Child Development Center mold forces families to evacuate

Janine Ybanez/HIGHLANDER
Janine Ybanez/HIGHLANDER

Fourteen families will be forced to find alternative child care after a mold infestation was discovered in the baseboards of the UCR Child Development Center (CDC) Building A. The building’s closure has also displaced 28 student assistants, who will be forced to find alternative forms of employment until the building is reopened again.

According to the director of UCR’s Office of Environmental Health and Safety Russell Vernon, the mold in the CDC is called aspergillus and occurs in the environment wherever there is water. Although not known for causing illnesses, aspergillus may leave someone with a weakened immune system open for infection, said Vernon.

“Even if there is a low level risk, it is still best practice not to take any chances. The children and the staff and the parents have the right to expect a safe environment. That’s what we want to provide,” said Kris Lovekin, UCR’s director of media relations, who adds that at this time, no mold trouble is expected in the other CDC building.

The 14 affected families are seeking alternative means of child care in the area. However, the CDC is one of only three child care centers in Riverside with accreditation from the National Association for the Education of Young Children. According to Lovekin, some families are choosing to simply rearrange their schedules rather than look at other child care centers.

Dana Kerube, a UCR student and parent, was initially told that there would be no more room for her child at the CDC. “I cried for like two hours and begged them to find a solution because I am a funded student and I couldn’t pay for another daycare, and … there are almost no vacancies in other daycares around the area. I wanted to drop the quarter because of that,” she said. The CDC sought to accommodate Kerube by having her son share a spot with another child so that some days Kerube has child care and some days she does not.

Kerube also expressed disapproval of the way the news of the mold was distributed. “At first (Executive Director of the CDC Renee Jacobs) sent an email on Sunday night that there will be no daycare tomorrow. Who does that on a Sunday night? What am I supposed to do if, say, I have a midterm the next day and I have no alternative (daycare) for (my child)?”

Meanwhile, 28 student assistants have been left to find other job opportunities late into the quarter. Fifth-year business economics student Abigail Menjivar worked in the kitchen, preparing meals for the children. After receiving the mold announcement on Oct. 21, Menjivar reports that she immediately went to SCOTjobs and applied for a job as an English tutor.

Nevertheless, Menjivar expressed regret at the loss of her CDC job. “I miss clocking in and working with my coworkers and just associating with other staff members from the CDC,” she said.

Information about the Holman Emergency Loan, a UCR loan for students under unanticipated financial duress, was made available for student assistants who were not able to find employment immediately. These students were also encouraged to apply to UCR Dining Services with “CDC” written on their applications so as to receive special consideration.
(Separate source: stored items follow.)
Definition projective (P : SMod R) : Prop :=
  forall (M N : SMod R) (g : M -> N) (h : P -> N),
    Rlinear g -> Rsurjective g -> Rlinear h ->
    exists h' : P -> M, Rlinear h' /\ forall x, g (h' x) = h x.

Definition silting (T : SMod R) : Prop :=
  exists (P1 P0 : SMod R) (sigma : P1 -> P0) (eps : P0 -> T),
    Rlinear sigma /\ Rlinear eps /\ Rsurjective eps /\
    (forall y, eps y = mzero <-> exists x, sigma x = y) /\
    projective P1 /\ projective P0 /\
    (forall X : SMod R, Gen T X <-> Dsig sigma X).

Fixpoint rsum (n : nat) (f : nat -> R) : R :=
  match n with 0 => rzero | S n => radd (rsum n f) (f n) end.
Fixpoint mlc (M : SMod R) (n : nat) (c : nat -> R) (g : nat -> M) : M :=
  match n with 0 => mzero | S n => madd (mlc n c g) (mscal (c n) (g n)) end.

Definition finitely_generated (M : SMod R) : Prop :=
  exists (n : nat) (g : nat -> M), forall m : M, exists c, m = mlc n c g.

Definition finitely_presented (M : SMod R) : Prop :=
  exists (n : nat) (g : nat -> M),
    (forall m : M, exists c, m = mlc n c g) /\
    exists (p : nat) (rels : nat -> nat -> R),
      (forall j, (j < p)%N -> mlc n (rels j) g = mzero) /\
      (forall c, mlc n c g = mzero ->
         exists s : nat -> R, forall i, (i < n)%N ->
           c i = rsum p (fun j => rmul (s j) (rels j i))).

Definition is_ideal (I : R -> Prop) : Prop :=
  I rzero /\ (forall x y, I x -> I y -> I (radd x y)) /\ (forall x, I x -> I (ropp x)) /\
  (forall r x, I x -> I (rmul r x) /\ I (rmul x r)).

Definition fg_ideal (I : R -> Prop) : Prop :=
  exists (n : nat) (g : nat -> R),
    forall x, I x <-> exists c : nat -> R, x = rsum n (fun i => rmul (g i) (c i)).

(* Gabriel filter (Stenstrom's axioms T1-T4, plus R in G) *)
Definition gabriel_filter (G : (R -> Prop) -> Prop) : Prop :=
  (forall I, G I -> is_ideal I) /\
  G (fun _ => True) /\
  (forall I J, G I -> is_ideal J -> (forall x, I x -> J x) -> G J) /\
  (forall I J, G I -> G J -> G (fun x => I x /\ J x)) /\
  (forall I a, G I -> G (fun r => I (rmul a r))) /\
  (forall I J, G I -> is_ideal J -> (forall a, I a -> G (fun r => J (rmul a r))) -> G J).

Definition finite_type (G : (R -> Prop) -> Prop) : Prop :=
  forall I, G I -> exists J, G J /\ fg_ideal J /\ (forall x, J x -> I x).

Definition MI_eq_M (M : SMod R) (I : R -> Prop) : Prop :=
  forall m : M, exists l : list (R * M),
    (forall p, List.In p l -> I (fst p)) /\
    m = List.fold_right (fun p acc => madd (mscal (fst p) (snd p)) acc) mzero l.

Definition Div (G : (R -> Prop) -> Prop) (M : SMod R) : Prop :=
  forall I, G I -> MI_eq_M M I.

End Generic.

Section Prod.
Variables (K : Type) (k : fieldType).
Local Open Scope ring_scope.

Ltac fext := intros; apply functional_extensionality; intro.

Definition prodRing : SRing.
refine {| rcar := K -> k; rzero := fun _ => 0; rone := fun _ => 1;
          radd := fun f g i => f i + g i; ropp := fun f i => - f i;
          rmul := fun f g i => f i * g i |}; fext.
- by rewrite addrA.
- by rewrite addrC.
- by rewrite add0r.
- by rewrite addNr.
- by rewrite mulrA.
- by rewrite mul1r.
- by rewrite mulr1.
- by rewrite mulrDl.
- by rewrite mulrDr.
Defined.

Definition infinite_type (X : Type) : Prop := ~ exists s : list X, forall x, List.In x s.

Definition finite_support (a : K -> k) : Prop :=
  exists s : list K, forall x, ~ List.In x s -> a x = 0.
Definition cofinite_support (a : K -> k) : Prop :=
  exists s : list K, forall x, ~ List.In x s -> a x != 0.

Definition Gcof (I : prodRing -> Prop) : Prop :=
  is_ideal I /\ exists a : prodRing, cofinite_support a /\ forall r, I (rmul a r).
End Prod.

(* Let A = k^(kappa) be the socle of R = k^kappa.  All three classes of modules in the theorem
   are the class of R-modules X with A X = 0.  For Gen (R/A) this is the statement that such X
   are exactly the quotients of free R/A-modules.  For Div G: a cofinite-support a is a unit
   modulo A, so aX = X when A X = 0; conversely the ideal (1 - e_F) R is in G for every finite
   F, and X = (1 - e_F) X forces e_F X = 0.  For the presentation A (+) A -> R -> R/A which
   includes the first copy of A and kills the second, Hom(sigma, X) is onto iff Hom(A, X) = 0,
   i.e. iff A X = 0. *)

From mathcomp Require Import all_boot all_algebra.
From Stdlib Require Import ClassicalEpsilon Classical FunctionalExtensionality Permutation.
From Stdlib Require List.
Import List (In, in_or_app).
Set Implicit Arguments. Unset Strict Implicit. Unset Printing Implicit Defensive.
Import GRing.Theory.

Notation dec := excluded_middle_informative.

Section ModuleFacts.
Variables (R : SRing) (M : SMod R).

Lemma madd0r (x : M) : madd x mzero = x.
Proof. by rewrite maddC madd0. Qed.

Lemma madd_cancel (a x y : M) : madd a x = madd a y -> x = y.
Proof. by move=> /(f_equal (madd (mopp a))); rewrite !maddA maddN !madd0. Qed.

Lemma mscalr0 r : mscal r (@mzero R M) = mzero.
Proof. by apply: (@madd_cancel (mscal r mzero)); rewrite -mscalDr !madd0r. Qed.

Lemma mscal0r (x : M) : mscal rzero x = mzero.
Proof. by apply: (@madd_cancel (mscal rzero x)); rewrite -mscalDl madd0r radd0. Qed.

Lemma maddACA (a b c d : M) : madd (madd a b) (madd c d) = madd (madd a c) (madd b d).
Proof. by rewrite -!maddA (maddA b c d) (maddC b c) -(maddA c b d). Qed.
End ModuleFacts.

Lemma Rlinear0 (R : SRing) (M N : SMod R) (f : M -> N) : Rlinear f -> f mzero = mzero.
Proof. by move=> [fD _]; apply: (@madd_cancel _ _ (f mzero)); rewrite -fD !madd0r. Qed.

Definition upd (I V : Type) (f : I -> V) (i : I) (v : V) : I -> V :=
  fun j => if dec (j = i) then v else f j.

Definition single (I V : Type) (z : V) (i : I) (v : V) : I -> V := upd (fun _ => z) i v.

Definition vanish (I V : Type) (z : V) (f : I -> V) (s : list I) : Prop :=
  forall j, ~ In j s -> f j = z.

Definition finsupp (I V : Type) (z : V) (f : I -> V) : Prop := exists s, vanish z f s.

Lemma vanish_catl (I V : Type) (z : V) (f : I -> V) s t : vanish z f s -> vanish z f (s ++ t).
Proof. by move=> h j hj; apply: h => hh; apply: hj; apply: in_or_app; left. Qed.

Lemma vanish_catr (I V : Type) (z : V) (f : I -> V) s t : vanish z f t -> vanish z f (s ++ t).
Proof. by move=> h j hj; apply: h => hh; apply: hj; apply: in_or_app; right. Qed.

Section FinSum.
Variables (R : SRing) (N : SMod R) (I V : Type) (z : V) (psi : I -> V -> N).

(* Each summand is cleared after use, so repeated indices do not count twice. *)
Fixpoint lsum (s : list I) (f : I -> V) : N :=
  match s with nil => mzero | i :: s' => madd (psi i (f i)) (lsum s' (upd f i z)) end.

Definition fsum (f : I -> V) : N := lsum (epsilon (inhabits nil) (vanish z f)) f.

Hypothesis psi0 : forall i, psi i z = mzero.

Lemma lsum_const s : lsum s (fun _ => z) = mzero.
Proof.
elim: s => //= i s IH.
have -> : upd (fun _ => z) i z = (fun _ => z).
  by apply: functional_extensionality => j; rewrite /upd; case: dec.
by rewrite IH psi0 madd0.
Qed.

Lemma lsum_swap x y s f : lsum (x :: y :: s) f = lsum (y :: x :: s) f.
Proof.
rewrite /=; case: (dec (x = y)) => [<-|nxy].
  have -> : upd (upd f x z) x z = upd f x z.
    by apply: functional_extensionality => j; rewrite /upd; case: dec.
  by rewrite /upd; case: dec => // _; rewrite psi0.
have -> : upd f x z y = f y by rewrite /upd; case: dec => // e; case: nxy.
have -> : upd f y z x = f x by rewrite /upd; case: dec.
have -> : upd (upd f x z) y z = upd (upd f y z) x z.
  by apply: functional_extensionality => j; rewrite /upd; do 2 case: dec.
by rewrite !maddA (maddC (psi x (f x))).
Qed.

Lemma lsum_perm s t : Permutation s t -> forall f, lsum s f = lsum t f.
Proof.
elim => //.
- by move=> x l l' _ IH f /=; rewrite IH.
- by move=> x y l f; rewrite lsum_swap.
- by move=> l l' l'' _ IH1 _ IH2 f; rewrite IH1 IH2.
Qed.

Lemma lsum_cat s t f : vanish z f s -> lsum (s ++ t) f = lsum s f.
Proof.
elim: s f => [|i s IH] f /= hv.
  have -> : f = (fun _ => z) by apply: functional_extensionality => j; apply: hv.
  by rewrite !lsum_const.
rewrite IH // => j hj; rewrite /upd; case: dec => // nji; apply: hv.
by move=> [e|h]; [apply: nji|apply: hj].
Qed.

Lemma lsum_indep s t f : vanish z f s -> vanish z f t -> lsum s f = lsum t f.
Proof.
move=> hs ht; rewrite -(lsum_cat t hs) -(lsum_cat s ht).
exact/lsum_perm/Permutation_app_comm.
Qed.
According to Lovekin, the mold clean-up is expected to take about six weeks and a tentative re-opening date is scheduled for Dec. 6. The families of the displaced children will be updated weekly.

Kerube is grateful that her child was able to stay at the CDC part-time. “If CDC wasn’t there, I would just drop the quarter. They are funding my son’s daycare, it’s close to the university and the teachers take good care of him so I know that when I leave him there, he gets the best care and I can be more focused in classes,” she said.

As for student assistants like Menjivar, she said, “I would be more than glad to return to the CDC as soon as they reopen. It’s the perfect distance from school and (supervisors are) always very understanding of when we have midterms.”